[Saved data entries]
--------

Definition resistance (R : fieldType) N (F : {set 'I_N * 'I_N}) (i j : 'I_N) : R :=
  let v := edge_vec R (i, j) *m pinvmx (edge_laplacian R F) in v 0 i - v 0 j.

(* [x 0 i - x 0 j] is the Laplacian form of [x] against the potential [v] of a
   unit current from [i] to [j]; the bound is Cauchy-Schwarz for that form. *)
Lemma resistance_ge_energy_ratio (R : realFieldType) N (F : {set 'I_N * 'I_N})
    (i j : 'I_N) (x : 'rV[R]_N) :
  (forall a b, connect (edge_rel F) a b) ->
  (x 0 i - x 0 j) ^+ 2 / energy F x <= resistance R F i j.
Proof.
move=> conn; rewrite /resistance; set v := _ *m pinvmx _.
have vL : v *m edge_laplacian R F = edge_vec R (i, j).
  by rewrite mulmxKpV //; apply: edge_vec_sub_edge_laplacian.
have potential_diff (y : 'rV[R]_N) : y 0 i - y 0 j = (y *m edge_laplacian R F *m v^T) 0 0.
  by rewrite -mulmxA -tr_edge_laplacian -trmx_mul vL mul_edge_vec_tr.
rewrite potential_diff (potential_diff v) !edge_laplacian_form.
under [X in _ <= X]eq_bigr => p _ do rewrite -expr2.
exact: cauchy_schwarz_div.
Qed.

Lemma laplacian_edge_set (R : comRingType) N (e : rel 'I_N) :
  simple_graph e -> laplacian R e = edge_laplacian R (edge_set e).
Proof.
move=> [e_sym e_irr]; apply/matrixP => i j.
have -> : edge_laplacian R (edge_set e) i j =
    ((delta_mx 0 i : 'rV_N) *m edge_laplacian R (edge_set e) *m (delta_mx 0 j : 'rV_N)^T) 0 0.
  by rewrite trmx_delta -rowE -colE !mxE.
rewrite edge_laplacian_form.
rewrite (sum_edge_set e (fun a b => ((delta_mx 0 i : 'rV[R]_N) 0 a - delta_mx 0 i 0 b)
   * ((delta_mx 0 j : 'rV[R]_N) 0 a - delta_mx 0 j 0 b))).
pose g a b : R := (a == i)%:R * ((a == j)%:R - (b == j)%:R).
transitivity (\sum_(a < N) \sum_(b < N | (a < b)%N) (if e a b then g a b + g b a else 0));
  last by apply: eq_bigr => a _; apply: eq_bigr => b _; case: (e a b); rewrite // /g !mxE; ring.
rewrite sum_lt_pairs_sym // (bigD1 i) //= [X in _ + X]big1 ?addr0; last first.
  by move=> a /negbTE ai; apply: big1 => b _; rewrite /g ai mul0r if_same.
rewrite /laplacian mxE; under eq_bigr => b _ do rewrite /g eqxx mul1r.
case: eqP => [<-|/eqP ij].
  rewrite natr_deg_sum; apply: eq_bigr => b _; case: ifP => // eib.
  have /negbTE -> : b != i by apply: contraTneq eib => ->; rewrite e_irr.
  by rewrite subr0.
rewrite (bigD1 j) //= [X in _ + X]big1 ?addr0; last first.
  by move=> b /negbTE bj; rewrite bj subrr if_same.
by rewrite eqxx sub0r; case: (e i j).
Qed.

--------

> What is required:
This exercise asks for the line with "case: eqP => [<-|/eqP ij]." and all lines after it through the end of the records above, retyped exactly and with nothing else.

> Solution to this task:
case: eqP => [<-|/eqP ij].
  rewrite natr_deg_sum; apply: eq_bigr => b _; case: ifP => // eib.
  have /negbTE -> : b != i by apply: contraTneq eib => ->; rewrite e_irr.
  by rewrite subr0.
rewrite (bigD1 j) //= [X in _ + X]big1 ?addr0; last first.
  by move=> b /negbTE bj; rewrite bj subrr if_same.
by rewrite eqxx sub0r; case: (e i j).
Qed.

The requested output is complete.